Disconnect IMMEDIATELY if you are not an authorized user!^C
!
line con 0
login local
no modem enable
transport output telnet
line aux 0
login local
transport output telnet
line vty 0 4
privilege level 15
login local
transport input telnet ssh
!
scheduler max-task-time 5000
scheduler allocate 4000 1000
scheduler interval 500
end


----------



## dbctl (May 17, 2008)

zx10guy said:


> So what was the final fix? Did you set up any ACLs or configure the onboard firewall? If not, your network is still unsecure.
> 
> In the defense of Hardware.com, they're in the business to sell hardware and services. Their tech support would be more limited to actual hardware issues not configuration problems. No place I know of will give configuration advice over the phone for gear like this, not CDW, not GTSI, not Provantage. Expertise costs money. That's why people like me are employed. If you have a Cisco SmartNet support contract, the Cisco engineers won't even build a configuration for you. You have to have a general idea of what you are doing and the Cisco engineers will help you fix what ever is the problem to get your there.


I'm working on your reply here.

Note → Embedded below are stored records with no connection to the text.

(* sigma_{++} and sigma_{--} w.r.t. [x,y] = (G x, y);
   liminf_n [x_n,x_n] > 0  is unfolded as  exists eps>0, eventually [x_n,x_n] >= eps
   (and dually for limsup < 0). *)
Definition sigma_pp (G T : H -> H) (lam : Cplx) : Prop :=
  sigma_ap T lam /\
  forall x, approx_seq T lam x ->
    exists eps, eps > 0 /\ exists N : nat, forall n : nat, (n >= N)%nat ->
      Re (inner (G (x n)) (x n)) >= eps.
Definition sigma_mm (G T : H -> H) (lam : Cplx) : Prop :=
  sigma_ap T lam /\
  forall x, approx_seq T lam x ->
    exists eps, eps > 0 /\ exists N : nat, forall n : nat, (n >= N)%nat ->
      Re (inner (G (x n)) (x n)) <= - eps.

End Ops.

(* Write T = A0 G0 and P = G0 A0 G0 >= 0.  For lam <> 0 put S_lam = T - lam.
   Three elementary estimates drive everything:
   - |lam|^2 |x| <= a |P x| + (a c + |lam|) |S_lam x|   (a, c bound A0, G0);
   - |P x|^2 <= |P| (P x, x)                              (P is nonnegative);
   - (P x, x) = (G0 S_lam x, x) + lam [x,x], with (P x, x) and [x,x] real.
   The first two show that (P x, x) is bounded away from 0 on unit vectors
   with |S_lam x| small.  For nonreal lam the third identity then forces
   |S_lam x| to be bounded below; for real lam it forces lam [x,x] to be
   bounded away from 0 along approximate eigensequences, which gives
   sigma_{++} and sigma_{--}.  Invertibility of S_lam is deduced from a
   general fact: a bounded operator S which, together with its adjoint S',
   is bounded below is invertible (surjectivity of S S' comes from the
   Banach fixed point theorem applied to the contraction I - beta S S').  The adjoint
   of S_lam is G0 A0 - conj lam, which is bounded below as soon as
   S_{conj lam} is, because A0 intertwines the two operators. *)

From Stdlib Require Import Reals Lra Lia Psatz Classical IndefiniteDescription.
Open Scope R_scope.

Arguments vadd_assoc {h}. Arguments vadd_comm {h}. Arguments vadd_0 {h}.
Arguments vadd_opp {h}. Arguments vscal_1 {h}. Arguments vscal_assoc {h}.
Arguments vscal_distr_v {h}. Arguments vscal_distr_c {h}.
Arguments inner_add_l {h}. Arguments inner_scal_l {h}. Arguments inner_conj {h}.
Arguments inner_pos {h}. Arguments inner_def {h}. Arguments complete {h}.
Arguments vsub {H}. Arguments hnorm {H}.

Lemma Ceq : forall z w : Cplx, Re z = Re w -> Im z = Im w -> z = w.
Proof. intros [a b] [c d]; simpl; intros; subst; reflexivity. Qed.

Definition Cabs (a : Cplx) : R := sqrt (Re a * Re a + Im a * Im a).

Lemma Cabs_pos : forall a, 0 <= Cabs a.
Proof. intros; apply sqrt_pos. Qed.

Lemma Cabs_RtoC : forall r, Cabs (RtoC r) = Rabs r.
Proof.
  intros. unfold Cabs, RtoC; simpl. rewrite <- sqrt_Rsqr_abs. unfold Rsqr. f_equal. ring.
Qed.

Lemma Cabs_conj : forall a, Cabs (Cconj a) = Cabs a.
Proof. intros. unfold Cabs; simpl. f_equal. ring. Qed.

Lemma Cabs_pos_nonreal : forall lam, Im lam <> 0 -> 0 < Cabs lam.
Proof.
  intros lam h. unfold Cabs. apply sqrt_lt_R0.
  assert (0 < Im lam * Im lam) by (apply Rsqr_pos_lt; auto). nra.
Qed.

Lemma Cconj_RtoC : forall r, Cconj (RtoC r) = RtoC r.
Proof. intros. apply Ceq; simpl; lra. Qed.

Section Hilbert.
Variable H : HilbertSpace.

Lemma vadd_0l : forall x : H, vadd vzero x = x.
Proof. intros; rewrite vadd_comm; apply vadd_0. Qed.

Lemma vadd_opp_l : forall x : H, vadd (vopp x) x = vzero.
Proof. intros; rewrite vadd_comm; apply vadd_opp. Qed.

Lemma vadd_cancel_r : forall u v w : H, vadd u w = vadd v w -> u = v.
Proof.
  intros u v w E.
  assert (E2 : vadd (vadd u w) (vopp w) = vadd (vadd v w) (vopp w)) by (rewrite E; reflexivity).
  rewrite <- !vadd_assoc, vadd_opp, !vadd_0 in E2. exact E2.
Qed.

Lemma vadd_cancel_l : forall u v w : H, vadd w u = vadd w v -> u = v.
Proof.
  intros u v w E. apply (vadd_cancel_r u v w). rewrite (vadd_comm u), (vadd_comm v); exact E.
Qed.

Lemma idem_zero : forall u : H, vadd u u = u -> u = vzero.
Proof. intros u E. apply (vadd_cancel_r u vzero u). rewrite vadd_0l; exact E. Qed.

Lemma opp_unique : forall a b : H, vadd a b = vzero -> b = vopp a.
Proof. intros a b E. apply (vadd_cancel_l b (vopp a) a). rewrite vadd_opp; exact E. Qed.

Lemma vadd_swap : forall a b c d : H, vadd (vadd a b) (vadd c d) = vadd (vadd a c) (vadd b d).
Proof.
  intros. rewrite <- !vadd_assoc. f_equal. rewrite !vadd_assoc. f_equal. apply vadd_comm.
Qed.

Lemma vopp_add : forall a b : H, vopp (vadd a b) = vadd (vopp a) (vopp b).
Proof.
  intros. symmetry. apply opp_unique. rewrite vadd_swap, !vadd_opp, vadd_0. reflexivity.
Qed.

Lemma vsub_add : forall a b : H, vadd (vsub a b) b = a.
Proof. intros. unfold vsub. rewrite <- vadd_assoc, vadd_opp_l, vadd_0. reflexivity. Qed.

Lemma vsub_eq0 : forall a b : H, vsub a b = vzero -> a = b.
Proof. intros a b E. rewrite <- (vsub_add a b), E, vadd_0l. reflexivity. Qed.

Lemma vsub_vv : forall a : H, vsub a a = vzero.
Proof. intros; apply vadd_opp. Qed.

Lemma vsub_sym_opp : forall a b : H, vsub b a = vopp (vsub a b).
Proof.
  intros. apply opp_unique. unfold vsub.
  rewrite (vadd_comm b), vadd_swap, vadd_opp, vadd_opp_l, vadd_0. reflexivity.
Qed.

I was sending a reply to you last night but this online spell check shut it down and I lost the reply. I will send it to you a little later today when I get a chance.

Thanks again,
Dennis


----------



## t1n0m3n (Sep 4, 2004)

(Bold items are cut and paste items that you can paste into your router. All of the items can be pasted into console from the global exec prompt (e.g. DGL#))
(Italics are examples of what you would see on console if you typed the command in as shown.)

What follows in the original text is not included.